Lemma rev_word_walk v w :
  rev (word_walk v w) = word_walk (v ** eval_word w) (word_inv w).
Proof.
elim/last_ind: w v => [|w b IHw] v; first by rewrite /= gmulg1.
rewrite -cats1 word_walk_cat rev_cat /word_inv map_cat rev_cat -/(word_inv w) /=.
by rewrite eval_word_cat /= gmulg1 gmulA gmulgK IHw.
Qed.

Lemma word_in_walk v w : word_in S w -> walk (cay_adj S) (word_walk v w).
Proof.
elim: w v => [|b w IHw] v //= Sbw.
have := IHw (v ** b) (fun x xw => Sbw x (onw_consr b xw)).
rewrite (word_walk_head (v ** b)) => walk_w; split=> //.
by exists b; split; [apply: Sbw; exists [::], w | left].
Qed.

Lemma morpheme_prefix_neq m i j :
  morpheme S m -> i < j < size m -> eval_word (take i m) <> eval_word (take j m).
Proof.
case=> _ [_ [_ proper]] /andP[lt_ij lt_jm] eq_ij.
set mid := drop i (take j m).
have def_tj : take j m = take i m ++ mid.
  by rewrite -{1}(cat_take_drop i (take j m)) take_takel // ltnW.
apply: (proper (take i m) mid (drop j m)).
- by rewrite catA -def_tj cat_take_drop.
- by move/(congr1 size); rewrite size_drop size_takel ?(ltnW lt_jm) //=; lia.
- by right; move/(congr1 size); rewrite size_drop /=; lia.
- by apply: (@gmulI (eval_word (take i m))); rewrite -eval_word_cat -def_tj gmulg1.
Qed.

Section MorphemeCycle.
Variables (m0 : seq G) (a : G).
Hypothesis m_morph : morpheme S (rcons m0 a).
Local Notation m := (rcons m0 a).

Lemma eval_morpheme : eval_word m = one.
Proof. by case: m_morph => _ [_ []]. Qed.

Lemma close_cyc_morpheme_walk u : close_cyc (word_walk u m0) = word_walk u m.
Proof.
have last_u : u ** eval_word m0 ** a = u.
  by have := eval_morpheme; rewrite -cats1 eval_word_cat /= gmulg1 -gmulA => ->; rewrite gmulg1.
rewrite -cats1 word_walk_cat /= last_u {1}(word_walk_head u m0) /=.
by rewrite -cat_cons -word_walk_head.
Qed.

=======

» **Your objective**:
Among the entries above, locate the lines containing "take_takel // ltnW." and "Proof. by case: m_morph => _ [_ []]. Qed.", and transcribe exactly those two lines and all lines between.

» **Answer to this task**:
  by rewrite -{1}(cat_take_drop i (take j m)) take_takel // ltnW.
apply: (proper (take i m) mid (drop j m)).
- by rewrite catA -def_tj cat_take_drop.
- by move/(congr1 size); rewrite size_drop size_takel ?(ltnW lt_jm) //=; lia.
- by right; move/(congr1 size); rewrite size_drop /=; lia.
- by apply: (@gmulI (eval_word (take i m))); rewrite -eval_word_cat -def_tj gmulg1.
Qed.

Section MorphemeCycle.
Variables (m0 : seq G) (a : G).
Hypothesis m_morph : morpheme S (rcons m0 a).
Local Notation m := (rcons m0 a).

Lemma eval_morpheme : eval_word m = one.
Proof. by case: m_morph => _ [_ []]. Qed.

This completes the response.